**Task instructions**.
Among the lines below, a stretch begins at the one with "eight scalar functions" and ends at the one with "- by constructor 2; apply: val_inj.". Repeat that stretch exactly, ends included.

**Records shown**.
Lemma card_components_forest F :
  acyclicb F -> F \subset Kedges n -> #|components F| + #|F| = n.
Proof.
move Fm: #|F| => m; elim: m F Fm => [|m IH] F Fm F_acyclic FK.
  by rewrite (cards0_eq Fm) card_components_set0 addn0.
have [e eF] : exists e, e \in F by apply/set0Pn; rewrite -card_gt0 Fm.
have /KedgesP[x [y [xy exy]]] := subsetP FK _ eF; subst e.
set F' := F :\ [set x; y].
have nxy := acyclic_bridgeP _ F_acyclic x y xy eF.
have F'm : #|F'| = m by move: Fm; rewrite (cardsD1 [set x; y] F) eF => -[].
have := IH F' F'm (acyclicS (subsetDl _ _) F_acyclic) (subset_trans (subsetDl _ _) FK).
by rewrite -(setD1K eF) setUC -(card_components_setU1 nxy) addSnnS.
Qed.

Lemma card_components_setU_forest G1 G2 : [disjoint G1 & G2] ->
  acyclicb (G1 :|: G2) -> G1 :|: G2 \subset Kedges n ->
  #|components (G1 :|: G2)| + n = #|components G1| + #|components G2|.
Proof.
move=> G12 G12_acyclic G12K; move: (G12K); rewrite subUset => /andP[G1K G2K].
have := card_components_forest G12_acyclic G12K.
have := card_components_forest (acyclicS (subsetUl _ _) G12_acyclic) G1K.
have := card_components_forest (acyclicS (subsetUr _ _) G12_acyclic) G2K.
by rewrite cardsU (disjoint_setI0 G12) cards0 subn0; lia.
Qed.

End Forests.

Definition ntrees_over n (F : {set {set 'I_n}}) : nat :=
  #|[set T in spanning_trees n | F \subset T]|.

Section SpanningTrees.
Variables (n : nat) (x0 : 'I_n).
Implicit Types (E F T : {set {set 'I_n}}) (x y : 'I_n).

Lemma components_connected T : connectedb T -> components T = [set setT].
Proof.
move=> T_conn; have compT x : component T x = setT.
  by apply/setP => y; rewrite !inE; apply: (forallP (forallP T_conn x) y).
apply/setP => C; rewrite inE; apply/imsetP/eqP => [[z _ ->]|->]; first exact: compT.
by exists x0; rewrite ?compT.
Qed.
==
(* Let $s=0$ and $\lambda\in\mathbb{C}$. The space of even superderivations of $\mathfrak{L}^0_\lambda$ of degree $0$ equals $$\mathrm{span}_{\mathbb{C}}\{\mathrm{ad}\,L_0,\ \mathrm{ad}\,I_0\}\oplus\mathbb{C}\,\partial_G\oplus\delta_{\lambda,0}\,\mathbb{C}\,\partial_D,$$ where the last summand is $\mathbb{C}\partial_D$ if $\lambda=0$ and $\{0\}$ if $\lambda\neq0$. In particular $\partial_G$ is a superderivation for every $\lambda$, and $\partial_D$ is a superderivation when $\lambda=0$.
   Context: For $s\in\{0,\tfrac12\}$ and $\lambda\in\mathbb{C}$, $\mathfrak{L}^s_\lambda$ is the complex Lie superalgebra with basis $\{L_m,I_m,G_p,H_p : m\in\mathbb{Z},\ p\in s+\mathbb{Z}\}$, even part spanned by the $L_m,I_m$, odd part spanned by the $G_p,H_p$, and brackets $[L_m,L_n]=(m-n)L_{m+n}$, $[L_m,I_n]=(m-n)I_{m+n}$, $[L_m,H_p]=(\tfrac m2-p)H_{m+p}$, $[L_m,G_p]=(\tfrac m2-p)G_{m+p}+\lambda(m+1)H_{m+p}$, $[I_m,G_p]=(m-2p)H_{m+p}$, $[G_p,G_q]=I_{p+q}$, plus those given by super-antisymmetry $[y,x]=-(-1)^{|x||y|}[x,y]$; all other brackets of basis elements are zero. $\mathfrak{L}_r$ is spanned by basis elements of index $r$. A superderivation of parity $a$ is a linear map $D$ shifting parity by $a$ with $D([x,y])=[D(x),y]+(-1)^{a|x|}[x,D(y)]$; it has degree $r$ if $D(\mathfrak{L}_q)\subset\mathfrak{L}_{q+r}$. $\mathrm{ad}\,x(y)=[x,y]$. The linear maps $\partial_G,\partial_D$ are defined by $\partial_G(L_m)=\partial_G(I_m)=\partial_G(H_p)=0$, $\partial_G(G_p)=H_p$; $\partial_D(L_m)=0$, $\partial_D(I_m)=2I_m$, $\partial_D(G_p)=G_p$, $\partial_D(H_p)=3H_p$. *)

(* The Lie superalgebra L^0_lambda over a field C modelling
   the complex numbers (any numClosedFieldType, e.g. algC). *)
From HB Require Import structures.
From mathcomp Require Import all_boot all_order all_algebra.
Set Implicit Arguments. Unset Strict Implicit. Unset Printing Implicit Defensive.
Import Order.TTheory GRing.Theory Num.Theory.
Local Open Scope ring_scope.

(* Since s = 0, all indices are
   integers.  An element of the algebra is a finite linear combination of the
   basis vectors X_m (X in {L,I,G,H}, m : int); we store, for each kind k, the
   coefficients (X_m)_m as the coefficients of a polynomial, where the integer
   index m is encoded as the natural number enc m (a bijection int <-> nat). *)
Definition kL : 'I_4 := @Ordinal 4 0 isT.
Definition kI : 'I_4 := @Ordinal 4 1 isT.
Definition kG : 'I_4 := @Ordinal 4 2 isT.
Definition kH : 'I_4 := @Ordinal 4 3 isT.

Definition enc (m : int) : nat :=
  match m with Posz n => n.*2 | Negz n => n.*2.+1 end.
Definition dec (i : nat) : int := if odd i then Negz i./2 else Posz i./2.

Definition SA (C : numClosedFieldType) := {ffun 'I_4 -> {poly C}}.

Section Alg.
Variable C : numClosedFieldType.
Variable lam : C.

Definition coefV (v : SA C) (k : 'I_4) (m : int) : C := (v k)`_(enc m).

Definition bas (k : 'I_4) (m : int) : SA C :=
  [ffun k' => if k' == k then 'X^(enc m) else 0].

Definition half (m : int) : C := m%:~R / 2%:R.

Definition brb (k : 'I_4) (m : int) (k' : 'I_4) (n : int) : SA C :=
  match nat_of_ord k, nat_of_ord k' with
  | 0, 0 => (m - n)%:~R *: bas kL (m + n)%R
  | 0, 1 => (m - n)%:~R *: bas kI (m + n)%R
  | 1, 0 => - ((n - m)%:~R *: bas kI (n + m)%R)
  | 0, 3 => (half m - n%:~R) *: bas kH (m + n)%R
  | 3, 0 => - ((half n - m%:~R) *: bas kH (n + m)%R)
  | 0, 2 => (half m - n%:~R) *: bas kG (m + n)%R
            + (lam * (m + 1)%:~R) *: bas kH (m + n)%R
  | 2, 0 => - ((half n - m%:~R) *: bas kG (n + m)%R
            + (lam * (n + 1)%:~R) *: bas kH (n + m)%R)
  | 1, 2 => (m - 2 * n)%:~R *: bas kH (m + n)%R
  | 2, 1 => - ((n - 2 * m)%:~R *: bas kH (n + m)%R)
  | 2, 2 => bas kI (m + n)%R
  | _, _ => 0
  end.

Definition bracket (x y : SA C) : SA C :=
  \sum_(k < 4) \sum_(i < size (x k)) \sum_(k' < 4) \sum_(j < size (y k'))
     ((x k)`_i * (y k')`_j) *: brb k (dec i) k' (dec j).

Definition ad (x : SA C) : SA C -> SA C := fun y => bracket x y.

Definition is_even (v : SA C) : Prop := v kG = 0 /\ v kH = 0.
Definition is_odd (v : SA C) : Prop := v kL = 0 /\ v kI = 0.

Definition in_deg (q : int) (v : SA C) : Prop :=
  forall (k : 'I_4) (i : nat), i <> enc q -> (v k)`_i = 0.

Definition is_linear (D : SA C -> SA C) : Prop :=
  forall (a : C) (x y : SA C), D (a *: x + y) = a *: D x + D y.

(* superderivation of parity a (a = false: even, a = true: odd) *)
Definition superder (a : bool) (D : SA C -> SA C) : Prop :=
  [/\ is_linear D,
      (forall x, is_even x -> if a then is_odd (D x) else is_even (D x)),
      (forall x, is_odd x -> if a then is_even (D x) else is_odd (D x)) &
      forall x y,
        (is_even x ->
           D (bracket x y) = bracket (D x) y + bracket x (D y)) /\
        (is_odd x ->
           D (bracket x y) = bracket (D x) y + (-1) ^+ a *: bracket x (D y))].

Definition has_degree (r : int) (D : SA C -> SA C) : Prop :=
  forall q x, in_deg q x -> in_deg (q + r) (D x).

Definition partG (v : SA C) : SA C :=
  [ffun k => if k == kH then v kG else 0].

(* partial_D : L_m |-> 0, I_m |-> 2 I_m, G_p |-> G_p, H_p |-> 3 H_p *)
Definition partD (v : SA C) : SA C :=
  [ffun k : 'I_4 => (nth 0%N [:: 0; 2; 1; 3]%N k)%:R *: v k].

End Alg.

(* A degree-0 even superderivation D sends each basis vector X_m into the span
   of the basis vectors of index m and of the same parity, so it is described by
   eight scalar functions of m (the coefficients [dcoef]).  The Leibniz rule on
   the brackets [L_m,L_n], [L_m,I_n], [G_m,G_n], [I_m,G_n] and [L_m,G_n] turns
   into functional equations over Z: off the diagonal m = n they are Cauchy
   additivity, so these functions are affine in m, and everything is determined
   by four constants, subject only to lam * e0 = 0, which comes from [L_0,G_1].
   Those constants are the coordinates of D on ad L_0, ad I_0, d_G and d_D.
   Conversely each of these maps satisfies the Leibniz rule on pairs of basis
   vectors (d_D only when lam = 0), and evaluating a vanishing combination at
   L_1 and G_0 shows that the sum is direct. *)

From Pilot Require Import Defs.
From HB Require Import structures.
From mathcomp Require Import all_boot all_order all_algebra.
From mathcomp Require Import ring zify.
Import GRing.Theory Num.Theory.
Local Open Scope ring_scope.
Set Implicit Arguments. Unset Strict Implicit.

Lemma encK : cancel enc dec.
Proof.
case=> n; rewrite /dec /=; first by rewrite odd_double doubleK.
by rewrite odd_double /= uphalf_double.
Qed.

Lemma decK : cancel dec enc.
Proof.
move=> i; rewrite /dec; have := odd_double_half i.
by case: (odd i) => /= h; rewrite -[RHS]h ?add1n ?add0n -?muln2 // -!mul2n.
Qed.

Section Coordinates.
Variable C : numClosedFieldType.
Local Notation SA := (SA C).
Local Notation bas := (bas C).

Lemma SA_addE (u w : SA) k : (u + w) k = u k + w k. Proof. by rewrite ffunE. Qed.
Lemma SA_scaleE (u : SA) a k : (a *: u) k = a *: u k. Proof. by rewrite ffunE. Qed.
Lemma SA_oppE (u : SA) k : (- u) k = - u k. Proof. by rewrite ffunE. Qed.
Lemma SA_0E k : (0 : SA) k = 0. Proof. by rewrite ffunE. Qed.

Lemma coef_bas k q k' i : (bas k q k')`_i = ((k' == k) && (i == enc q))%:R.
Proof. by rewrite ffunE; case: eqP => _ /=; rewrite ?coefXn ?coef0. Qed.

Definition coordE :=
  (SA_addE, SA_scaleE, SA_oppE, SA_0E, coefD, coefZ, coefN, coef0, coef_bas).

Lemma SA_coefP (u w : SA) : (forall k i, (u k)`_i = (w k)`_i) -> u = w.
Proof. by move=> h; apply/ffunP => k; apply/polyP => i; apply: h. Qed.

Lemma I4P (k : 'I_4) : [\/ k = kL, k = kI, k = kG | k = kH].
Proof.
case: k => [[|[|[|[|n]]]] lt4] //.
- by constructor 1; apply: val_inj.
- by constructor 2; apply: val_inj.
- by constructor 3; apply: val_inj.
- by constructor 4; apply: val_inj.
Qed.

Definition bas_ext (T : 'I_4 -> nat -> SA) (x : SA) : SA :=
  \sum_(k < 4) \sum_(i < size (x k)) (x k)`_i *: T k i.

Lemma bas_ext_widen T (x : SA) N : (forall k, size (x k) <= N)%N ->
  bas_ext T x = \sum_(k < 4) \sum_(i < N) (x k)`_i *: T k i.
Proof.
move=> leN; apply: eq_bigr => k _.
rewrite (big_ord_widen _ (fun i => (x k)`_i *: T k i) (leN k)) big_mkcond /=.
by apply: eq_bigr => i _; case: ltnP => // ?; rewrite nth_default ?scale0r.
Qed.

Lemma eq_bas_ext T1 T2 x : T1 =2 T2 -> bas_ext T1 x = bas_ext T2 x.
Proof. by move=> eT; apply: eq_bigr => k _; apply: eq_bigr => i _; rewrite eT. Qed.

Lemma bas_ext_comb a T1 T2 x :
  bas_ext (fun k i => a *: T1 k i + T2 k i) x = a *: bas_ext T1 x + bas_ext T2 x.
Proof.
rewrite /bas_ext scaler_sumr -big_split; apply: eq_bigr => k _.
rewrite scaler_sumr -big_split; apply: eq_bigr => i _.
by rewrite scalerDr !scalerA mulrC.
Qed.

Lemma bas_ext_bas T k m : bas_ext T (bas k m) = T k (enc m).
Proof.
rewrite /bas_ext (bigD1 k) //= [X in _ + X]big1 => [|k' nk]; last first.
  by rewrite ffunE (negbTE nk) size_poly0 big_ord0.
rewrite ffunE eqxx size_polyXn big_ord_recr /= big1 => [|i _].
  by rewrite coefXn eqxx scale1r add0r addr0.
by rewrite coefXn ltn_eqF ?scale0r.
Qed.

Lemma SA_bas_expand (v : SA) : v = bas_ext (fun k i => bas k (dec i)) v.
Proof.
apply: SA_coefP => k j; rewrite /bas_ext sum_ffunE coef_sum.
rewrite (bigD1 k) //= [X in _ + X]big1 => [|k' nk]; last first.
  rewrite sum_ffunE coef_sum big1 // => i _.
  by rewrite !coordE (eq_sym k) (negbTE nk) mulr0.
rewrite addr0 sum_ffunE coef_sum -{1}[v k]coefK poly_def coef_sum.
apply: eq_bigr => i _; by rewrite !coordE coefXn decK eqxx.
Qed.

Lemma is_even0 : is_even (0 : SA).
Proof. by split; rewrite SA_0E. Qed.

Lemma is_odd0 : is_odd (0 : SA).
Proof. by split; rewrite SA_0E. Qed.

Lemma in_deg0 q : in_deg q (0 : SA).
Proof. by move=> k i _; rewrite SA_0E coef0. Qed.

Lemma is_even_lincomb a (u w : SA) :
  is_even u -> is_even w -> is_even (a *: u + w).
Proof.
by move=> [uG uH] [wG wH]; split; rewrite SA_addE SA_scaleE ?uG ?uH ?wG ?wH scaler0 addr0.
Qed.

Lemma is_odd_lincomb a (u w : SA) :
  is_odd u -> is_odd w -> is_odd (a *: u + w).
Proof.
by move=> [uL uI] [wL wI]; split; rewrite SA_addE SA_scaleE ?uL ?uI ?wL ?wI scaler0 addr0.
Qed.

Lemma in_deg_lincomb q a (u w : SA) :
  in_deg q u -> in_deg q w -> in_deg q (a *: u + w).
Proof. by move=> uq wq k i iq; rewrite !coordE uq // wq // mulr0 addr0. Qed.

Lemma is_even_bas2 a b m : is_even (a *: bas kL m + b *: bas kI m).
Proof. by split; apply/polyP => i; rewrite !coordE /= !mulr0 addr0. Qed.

**Solution to this problem**.
   eight scalar functions of m (the coefficients [dcoef]).  The Leibniz rule on
   the brackets [L_m,L_n], [L_m,I_n], [G_m,G_n], [I_m,G_n] and [L_m,G_n] turns
   into functional equations over Z: off the diagonal m = n they are Cauchy
   additivity, so these functions are affine in m, and everything is determined
   by four constants, subject only to lam * e0 = 0, which comes from [L_0,G_1].
   Those constants are the coordinates of D on ad L_0, ad I_0, d_G and d_D.
   Conversely each of these maps satisfies the Leibniz rule on pairs of basis
   vectors (d_D only when lam = 0), and evaluating a vanishing combination at
   L_1 and G_0 shows that the sum is direct. *)

From Pilot Require Import Defs.
From HB Require Import structures.
From mathcomp Require Import all_boot all_order all_algebra.
From mathcomp Require Import ring zify.
Import GRing.Theory Num.Theory.
Local Open Scope ring_scope.
Set Implicit Arguments. Unset Strict Implicit.

Lemma encK : cancel enc dec.
Proof.
case=> n; rewrite /dec /=; first by rewrite odd_double doubleK.
by rewrite odd_double /= uphalf_double.
Qed.

Lemma decK : cancel dec enc.
Proof.
move=> i; rewrite /dec; have := odd_double_half i.
by case: (odd i) => /= h; rewrite -[RHS]h ?add1n ?add0n -?muln2 // -!mul2n.
Qed.

Section Coordinates.
Variable C : numClosedFieldType.
Local Notation SA := (SA C).
Local Notation bas := (bas C).

Lemma SA_addE (u w : SA) k : (u + w) k = u k + w k. Proof. by rewrite ffunE. Qed.
Lemma SA_scaleE (u : SA) a k : (a *: u) k = a *: u k. Proof. by rewrite ffunE. Qed.
Lemma SA_oppE (u : SA) k : (- u) k = - u k. Proof. by rewrite ffunE. Qed.
Lemma SA_0E k : (0 : SA) k = 0. Proof. by rewrite ffunE. Qed.

Lemma coef_bas k q k' i : (bas k q k')`_i = ((k' == k) && (i == enc q))%:R.
Proof. by rewrite ffunE; case: eqP => _ /=; rewrite ?coefXn ?coef0. Qed.

Definition coordE :=
  (SA_addE, SA_scaleE, SA_oppE, SA_0E, coefD, coefZ, coefN, coef0, coef_bas).

Lemma SA_coefP (u w : SA) : (forall k i, (u k)`_i = (w k)`_i) -> u = w.
Proof. by move=> h; apply/ffunP => k; apply/polyP => i; apply: h. Qed.

Lemma I4P (k : 'I_4) : [\/ k = kL, k = kI, k = kG | k = kH].
Proof.
case: k => [[|[|[|[|n]]]] lt4] //.
- by constructor 1; apply: val_inj.
- by constructor 2; apply: val_inj.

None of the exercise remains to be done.